▶ [Assigned task] From the line with "(x *m Q *m x^T) 0 0." through the line with "(forall j : 'I_m, exists", inclusive, return each line of the data below exactly and leave the rest out.

Records excerpted from a collection
───

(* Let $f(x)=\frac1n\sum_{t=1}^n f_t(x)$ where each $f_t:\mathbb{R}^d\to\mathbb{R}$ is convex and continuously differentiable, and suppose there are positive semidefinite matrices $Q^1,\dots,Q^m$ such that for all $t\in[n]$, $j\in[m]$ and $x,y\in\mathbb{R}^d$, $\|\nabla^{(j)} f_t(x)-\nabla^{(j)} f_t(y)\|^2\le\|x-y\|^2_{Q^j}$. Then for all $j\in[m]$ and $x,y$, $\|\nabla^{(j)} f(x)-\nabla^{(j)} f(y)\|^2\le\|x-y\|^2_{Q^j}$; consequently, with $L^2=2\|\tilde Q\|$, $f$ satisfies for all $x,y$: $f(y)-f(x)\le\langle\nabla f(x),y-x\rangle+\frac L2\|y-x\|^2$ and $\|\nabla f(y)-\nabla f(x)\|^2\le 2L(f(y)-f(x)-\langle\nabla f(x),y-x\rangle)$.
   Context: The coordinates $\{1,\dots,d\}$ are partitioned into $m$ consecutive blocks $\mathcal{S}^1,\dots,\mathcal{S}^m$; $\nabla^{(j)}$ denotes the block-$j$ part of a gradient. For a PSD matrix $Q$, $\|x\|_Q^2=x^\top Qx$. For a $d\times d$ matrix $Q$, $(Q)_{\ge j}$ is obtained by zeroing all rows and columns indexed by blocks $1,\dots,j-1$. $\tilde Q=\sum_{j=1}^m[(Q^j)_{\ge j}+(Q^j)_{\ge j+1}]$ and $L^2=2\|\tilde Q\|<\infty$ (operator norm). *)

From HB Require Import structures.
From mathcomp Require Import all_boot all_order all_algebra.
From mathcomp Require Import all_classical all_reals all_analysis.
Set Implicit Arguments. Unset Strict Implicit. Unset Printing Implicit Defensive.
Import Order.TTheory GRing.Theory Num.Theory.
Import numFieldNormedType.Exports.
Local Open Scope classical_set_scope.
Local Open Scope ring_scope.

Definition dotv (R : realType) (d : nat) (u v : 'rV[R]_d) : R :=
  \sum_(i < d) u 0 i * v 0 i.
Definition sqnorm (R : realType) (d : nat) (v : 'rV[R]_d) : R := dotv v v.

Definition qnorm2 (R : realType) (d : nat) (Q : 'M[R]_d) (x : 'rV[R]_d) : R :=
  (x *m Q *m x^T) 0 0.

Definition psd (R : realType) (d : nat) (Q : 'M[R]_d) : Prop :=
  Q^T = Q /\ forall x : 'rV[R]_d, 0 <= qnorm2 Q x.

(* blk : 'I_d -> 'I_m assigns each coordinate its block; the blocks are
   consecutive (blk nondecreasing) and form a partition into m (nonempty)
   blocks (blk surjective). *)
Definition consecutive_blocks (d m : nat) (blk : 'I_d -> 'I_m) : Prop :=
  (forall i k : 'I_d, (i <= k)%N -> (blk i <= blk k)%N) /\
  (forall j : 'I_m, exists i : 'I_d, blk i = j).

───

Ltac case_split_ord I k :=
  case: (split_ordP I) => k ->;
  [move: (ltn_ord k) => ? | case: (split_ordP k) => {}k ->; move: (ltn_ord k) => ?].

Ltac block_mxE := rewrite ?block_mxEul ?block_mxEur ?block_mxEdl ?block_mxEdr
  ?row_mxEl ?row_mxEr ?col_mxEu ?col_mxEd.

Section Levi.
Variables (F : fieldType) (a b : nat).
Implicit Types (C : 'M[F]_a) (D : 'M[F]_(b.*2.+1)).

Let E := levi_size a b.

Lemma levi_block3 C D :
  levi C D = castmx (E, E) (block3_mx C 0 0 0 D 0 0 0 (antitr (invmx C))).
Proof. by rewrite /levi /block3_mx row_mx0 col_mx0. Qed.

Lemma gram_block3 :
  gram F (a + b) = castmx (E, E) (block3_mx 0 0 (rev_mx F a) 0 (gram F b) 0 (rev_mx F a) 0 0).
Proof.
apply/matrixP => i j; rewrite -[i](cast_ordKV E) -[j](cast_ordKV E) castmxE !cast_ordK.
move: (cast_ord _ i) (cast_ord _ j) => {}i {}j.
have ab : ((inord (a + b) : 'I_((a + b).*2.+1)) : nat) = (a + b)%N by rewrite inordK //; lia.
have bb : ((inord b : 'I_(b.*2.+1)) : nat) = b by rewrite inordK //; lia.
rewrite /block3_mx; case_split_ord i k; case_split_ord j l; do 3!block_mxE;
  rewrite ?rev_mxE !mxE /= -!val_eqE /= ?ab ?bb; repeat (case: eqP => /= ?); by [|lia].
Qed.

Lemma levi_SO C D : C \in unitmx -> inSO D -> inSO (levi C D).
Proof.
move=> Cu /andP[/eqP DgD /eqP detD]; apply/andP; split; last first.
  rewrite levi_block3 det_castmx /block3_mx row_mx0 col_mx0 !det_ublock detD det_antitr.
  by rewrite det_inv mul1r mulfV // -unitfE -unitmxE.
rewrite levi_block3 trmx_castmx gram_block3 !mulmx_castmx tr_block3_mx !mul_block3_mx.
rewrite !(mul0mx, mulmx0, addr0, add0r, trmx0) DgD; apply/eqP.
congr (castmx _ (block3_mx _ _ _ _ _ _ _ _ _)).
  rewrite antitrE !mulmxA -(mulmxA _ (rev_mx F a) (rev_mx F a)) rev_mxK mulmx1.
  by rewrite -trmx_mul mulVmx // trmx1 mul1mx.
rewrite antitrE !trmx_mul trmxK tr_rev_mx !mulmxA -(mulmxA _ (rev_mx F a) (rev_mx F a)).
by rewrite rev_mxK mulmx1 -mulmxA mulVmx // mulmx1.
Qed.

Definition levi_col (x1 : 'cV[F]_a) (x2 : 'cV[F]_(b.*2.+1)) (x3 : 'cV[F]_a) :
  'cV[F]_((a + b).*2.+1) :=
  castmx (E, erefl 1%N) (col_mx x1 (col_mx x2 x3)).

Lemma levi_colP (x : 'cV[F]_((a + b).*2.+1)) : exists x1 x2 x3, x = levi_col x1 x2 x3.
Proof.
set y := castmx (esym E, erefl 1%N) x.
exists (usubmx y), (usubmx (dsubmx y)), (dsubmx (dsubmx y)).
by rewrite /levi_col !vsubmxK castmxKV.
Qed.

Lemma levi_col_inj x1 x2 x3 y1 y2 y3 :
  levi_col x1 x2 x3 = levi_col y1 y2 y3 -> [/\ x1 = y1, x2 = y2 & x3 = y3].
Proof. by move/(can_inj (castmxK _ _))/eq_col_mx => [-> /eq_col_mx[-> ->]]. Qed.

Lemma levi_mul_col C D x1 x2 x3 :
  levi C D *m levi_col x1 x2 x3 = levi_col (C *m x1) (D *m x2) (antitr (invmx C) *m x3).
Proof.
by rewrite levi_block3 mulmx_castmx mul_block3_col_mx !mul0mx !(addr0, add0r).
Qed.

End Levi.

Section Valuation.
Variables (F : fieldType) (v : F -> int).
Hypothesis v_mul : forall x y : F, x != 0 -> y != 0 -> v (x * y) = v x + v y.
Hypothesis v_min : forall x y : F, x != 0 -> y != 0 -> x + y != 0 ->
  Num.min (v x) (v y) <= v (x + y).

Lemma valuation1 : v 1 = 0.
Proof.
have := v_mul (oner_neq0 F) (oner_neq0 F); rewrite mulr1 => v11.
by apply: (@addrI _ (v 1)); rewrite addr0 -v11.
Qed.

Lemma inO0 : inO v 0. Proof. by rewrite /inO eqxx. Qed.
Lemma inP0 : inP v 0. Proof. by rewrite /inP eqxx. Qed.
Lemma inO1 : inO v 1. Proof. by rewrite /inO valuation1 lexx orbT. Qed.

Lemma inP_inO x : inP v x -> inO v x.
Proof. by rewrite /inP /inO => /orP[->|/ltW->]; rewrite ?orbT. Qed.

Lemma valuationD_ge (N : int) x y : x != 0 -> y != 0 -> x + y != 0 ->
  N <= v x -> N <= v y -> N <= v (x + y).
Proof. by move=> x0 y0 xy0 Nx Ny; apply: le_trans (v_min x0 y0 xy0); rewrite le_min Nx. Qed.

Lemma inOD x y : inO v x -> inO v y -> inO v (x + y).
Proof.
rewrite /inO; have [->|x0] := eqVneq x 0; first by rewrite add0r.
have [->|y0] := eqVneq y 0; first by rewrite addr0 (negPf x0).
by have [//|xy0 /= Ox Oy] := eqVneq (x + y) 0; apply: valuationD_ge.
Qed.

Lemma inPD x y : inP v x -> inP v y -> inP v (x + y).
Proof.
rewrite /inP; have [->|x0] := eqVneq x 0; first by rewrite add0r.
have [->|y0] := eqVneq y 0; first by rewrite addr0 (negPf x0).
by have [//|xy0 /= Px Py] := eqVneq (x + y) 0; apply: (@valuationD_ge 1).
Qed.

───

▶ [Written solution]
  (x *m Q *m x^T) 0 0.

Definition psd (R : realType) (d : nat) (Q : 'M[R]_d) : Prop :=
  Q^T = Q /\ forall x : 'rV[R]_d, 0 <= qnorm2 Q x.

(* blk : 'I_d -> 'I_m assigns each coordinate its block; the blocks are
   consecutive (blk nondecreasing) and form a partition into m (nonempty)
   blocks (blk surjective). *)
Definition consecutive_blocks (d m : nat) (blk : 'I_d -> 'I_m) : Prop :=
  (forall i k : 'I_d, (i <= k)%N -> (blk i <= blk k)%N) /\
  (forall j : 'I_m, exists i : 'I_d, blk i = j).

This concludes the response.